La Chine n'a pas fourni de statistiques concernant ses moyens,
mais Taiwan estime que l'aviation chinoise dispose déjà
de 280 unités, des milliers d'autres étant réparties
ailleurs. La flotte chinoise serait donc la seconde au monde,
après l'américaine, qui compterait actuellement
environ 7000 drones. Dans l'immédiat, il apparaît
que la Chine utilisera ses drones dans des zones où
elle cherche à imposer se présence militaire:
Tibet, Xinjiang, frontières avec le Japon, par exemple.
A terme, le rapport fait valoir que les Chinois pourraient
en cas de conflit détruire avec succès un porte-avions
américain en utilisant des flottilles de drones, bien
plus difficiles à contrôler que des flottilles
de vedettes.
Le contre-espionnage
américain attire aujourd'hui l'attention sur la cyber-guerre
que mènerait actuellement la Chine pour détourner
les principales données industrielles et de recherche
mises au point par les entreprises américaines travaillant
pour la défense. Une offensive générale
contre des hackers travaillant pour le compte de la Chine
se déroule actuellement aux Etats-Unis. Selon la firme
américaine FireArm (http://www.fireeye.com/)

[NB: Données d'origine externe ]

Lemma dominated_graph_extend (A : set (E * R)) (x0 : E) :
  dominated_graph A -> A (0, 0) -> ~ (exists r, A (x0, r)) ->
  exists2 B, A `<` B & dominated_graph B.
Proof.
move=> dA A00 x0A.
pose S := [set p.2 - `|p.1 - x0| | p in A].
have S_le x r : A (x, r) -> ubound S (`|x + x0| - r).
  move=> Ax _ [[y s] Ay <-] /=.
  have := dgraph_le_norm dA (dgraph_lin dA 1 Ax Ay); rewrite scale1r mul1r.
  have -> : x + y = (x + x0) + (y - x0) by rewrite addrACA subrr addr0.
  have := ler_normD (x + x0) (y - x0); lra.
have S0 : S !=set0 by exists (0 - `|0 - x0|), (0, 0).
have supS : has_sup S by split=> //; exists (`|0 + x0| - 0); exact: S_le.
exists [set p | exists x r t, A (x, r) /\ p = (x + t *: x0, r + t * sup S)].
  split=> [[x r] Ax|AB]; first by exists x, r, 0; rewrite scale0r mul0r !addr0.
  apply: x0A; exists (sup S); apply: AB.
  by exists 0, 0, 1; rewrite scale1r mul1r !add0r.
apply: dominated_graph_adjoin => // x r Ax; split.
  by apply: sup_upper_bound => //; exists (x, r).
exact: ge_sup S0 (S_le _ _ Ax).
Qed.

Lemma norming_functional (v : E) :
  exists2 l : {linear E -> R^o}, (forall x, `|l x| <= `|x|) & l v = `|v|.
Proof.
(* The [set0] alternative admits the union of the empty chain in Zorn's lemma. *)
pose P G := dominated_graph G /\ (G = set0 \/ G (v, `|v|)).
have [A [[dA Av] Amax]] : exists A, P A /\ forall B, A `<` B -> ~ P B.
  apply: Zorn_bigcup => F FP Ftot; split.
    by apply: dominated_graph_bigcup Ftot => G /FP[].
  have [[X FX Xv]|noX] := pselect (exists2 X, F X & X (v, `|v|)).
    by right; exists X.
  left; apply/seteqP; split=> // p [X FX Xp]; have [_ [X0|Xv]] := FP X FX.
    by rewrite X0 in Xp.
  by case: noX; exists X.
have {}Av : A (v, `|v|).
  have line_v : [set p | exists t : R, p = (t *: v, t * `|v|)] (v, `|v|).
    by exists 1; rewrite scale1r mul1r.
  case: Av => // A0; exfalso.
  apply: (Amax [set p | exists t, p = (t *: v, t * `|v|)]).
    by rewrite A0; split=> // /(_ _ line_v).
  by split; [exact: dominated_graph_line | right].
have dom x : exists r, A (x, r).
  apply: contrapT => xA.
  have [B AB dB] := dominated_graph_extend dA (dgraph0 dA Av) xA.
  by apply: (Amax B AB); split=> //; right; exact: (properW AB).
have [l Al] := choice dom.
have l_lin : linear (l : E -> R^o).
  by move=> a x y; exact: (dgraph_fun dA (Al _) (dgraph_lin dA a (Al x) (Al y))).
pose L : {linear E -> R^o} := HB.pack l (GRing.isLinear.Build _ _ _ _ l l_lin).
exists L => /= [x|].
  rewrite ler_norml (dgraph_le_norm dA (Al x)) andbT lerNl.
  have := dgraph_le_norm dA (dgraphZ dA (-1) (Al x)).
  by rewrite scaleN1r normrN mulN1r.
exact: (dgraph_fun dA (Al v) Av).
Qed.

End DominatedGraph.

Lemma continuous_linear_le_norm (R : realType) (E : normedModType R)
    (l : {linear E -> R^o}) :
  (forall x, `|l x| <= `|x|) -> continuous l.
Proof.
move=> l_le; apply/bounded_linear_continuous/linear_boundedP.
near=> k => x; apply: le_trans (l_le x) _; rewrite ler_peMl //.
Unshelve. all: by end_near. Qed.

Lemma linear_isometry_distE (R : realType) (E : normedModType R) (f : E -> E) :
  linear f -> (forall x, `|f x| = `|x|) -> forall x y, `|f x - f y| = `|x - y|.
Proof.
move=> f_lin f_iso x y.
pose F : {linear E -> E} := HB.pack f (GRing.isLinear.Build _ _ _ _ f f_lin).
by rewrite -[f x]/(F x) -[f y]/(F y) -linearB f_iso.
Qed.

Section GaussianMass.
Variable R : realType.
Local Notation mu := (@lebesgue_measure R).

Lemma lebesgue_measure_shift (t : R) (A : set R) : measurable A ->
  mu ((fun x => x + t) @^-1` A) = mu A.
Proof.
move=> mA.
have mshift : measurable_fun [set: measurableTypeR R]
    ((fun x => x + t) : _ -> measurableTypeR R) by exact: measurable_funD.
change (pushforward mu ((fun x => x + t) : _ -> measurableTypeR R) A = mu A).
apply/esym/lebesgue_measure_unique => //= _ [[a b]] _ <-; rewrite /pushforward.
have -> : (fun x => x + t) @^-1` `]a, b]%classic = `]a - t, b - t]%classic.
  by apply/seteqP; split=> y /=; rewrite !in_itv /= !lerBrDr !ltrBlDr.
rewrite !lebesgue_measure_itv /= !lte_fin ltrD2r.
by case: ifP => // _; rewrite -EFinB; congr EFin; ring.
Qed.

Lemma exists_shift_pair_notin (A : set R) (s t : R) :
  measurable A -> (mu A < s%:E)%E ->
  exists x, [/\ `|x| <= s, ~ A x & ~ A (x + t)].
Proof.
move=> mA muA; apply: contrapT => noxs.
have mAt : measurable ((fun x => x + t) @^-1` A).
  by rewrite -[X in measurable X]setTI; apply: measurable_funD.
have s_gt0 : 0 < s by rewrite -lte_fin (le_lt_trans (measure_ge0 _ _) muA).
have cover : `[- s, s] `<=` A `|` (fun x => x + t) @^-1` A.
  move=> x /=; rewrite in_itv /= -ler_norml => xs.
  case: (pselect (A x)) => [|nAx]; [by left | right].
  by apply: contrapT => nAxt; apply: noxs; exists x.
have : (mu `[(- s)%R, s] <= mu A + mu A)%E.
  rewrite -[X in (_ <= _ + X)%E](lebesgue_measure_shift t mA).
  apply: (le_trans _ (measureU2 mu mA mAt)); apply: le_measure => //.
    by rewrite inE; exact: measurable_itv.
  by rewrite inE; exact: measurableU.
rewrite lebesgue_measure_itv /= lte_fin gtrN // opprK -EFinD => le_ss.
by have := le_lt_trans le_ss (lteD muA muA); rewrite -EFinD ltxx.
Qed.

Lemma normal_pdf_lb (s x : R) : 0 < s -> `|x| <= 2 * s ->
  expR (-2) / (4 * s) <= normal_pdf 0 s x.
Proof.
move=> s_gt0 xs.
rewrite normal_pdfE ?gt_eqF //= /normal_peak /normal_fun subr0.
have pi_lt4 : pi < 4 :> R by have := @pihalf_lt2 R; lra.
have pi_gt0 : 0 < pi :> R := pi_gt0 R.
have s2_gt0 : 0 < s ^+ 2 by rewrite exprn_gt0.
have sqrt_le : Num.sqrt (s ^+ 2 * pi *+ 2) <= 4 * s.
  rewrite -[X in _ <= X](@gtr0_norm _ (4 * s)) ?mulr_gt0 //.
  rewrite -sqrtr_sqr ler_sqrt ?sqr_ge0 // -mulr_natr; nra.
have sqrt_gt0 : 0 < Num.sqrt (s ^+ 2 * pi *+ 2).
  by rewrite sqrtr_gt0 -mulr_natr; nra.
have exp_ge : expR (-2) <= expR (- x ^+ 2 / (s ^+ 2 *+ 2)).
  rewrite ler_expR -mulr_natr mulNr lerN2 ler_pdivrMr; last by nra.
  have : x ^+ 2 <= (2 * s) ^+ 2.
    by move: xs; rewrite ler_norml => /andP[? ?]; nra.
  nra.
rewrite [leLHS]mulrC; apply: ler_pM => //.
  by rewrite invr_ge0 mulr_ge0 // ltW.
by rewrite lef_pV2 ?posrE // mulr_gt0.
Qed.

qui opère dans le cadre de la cyber-défense,
une opération massive serait conduite par un groupe
de hackers nommé Comment Crew basé à
Shanghai. Ceci n'aurait rien d'étonnant, puisque c'est
de cette façon que beaucoup d'industriels asiatiques
ont pris connaissance des savoir-faires américains
et européens. La NSA américaine n'est pas en
reste, puisque l'on sait maintenant qu'elle espionne systématiquement
toutes les entreprises européennes, civiles ou de défense.
En matière
de drones malheureusement, il n'y aurait pas grand chose à
espionner en Europe, y compris chez les grands industriels
de l'aéronautique et du spatial. Nous avons indiqué
en introduction que ni l'Union européenne ni les gouvernements
de l'Union n'ont actuellement proposé de politiques
industrielles et de recherche sérieuses dans le domaine
des drones. Une recherche attentive montrerait cependant que
certains programmes sont à l'étude. Mais manifestement
leurs ambitions tant militaires que civiles sont timides et
lointaines. Les Européens, et la France en premier
lieu, se privent ainsi d'un important atout pour le «
redressement industriel ». Il faudrait rechercher les
responsables de cette démission, qui a certainement
profité à certains intérêts (allemands?).
Nous ne le ferons pas ici, car une enquête sérieuse
s'imposerait, dépassant le cadre de cet article. Bornons
nous à signaler cette inadmissible absence des entreprises
et du gouvernement français dans un secteur essentiel.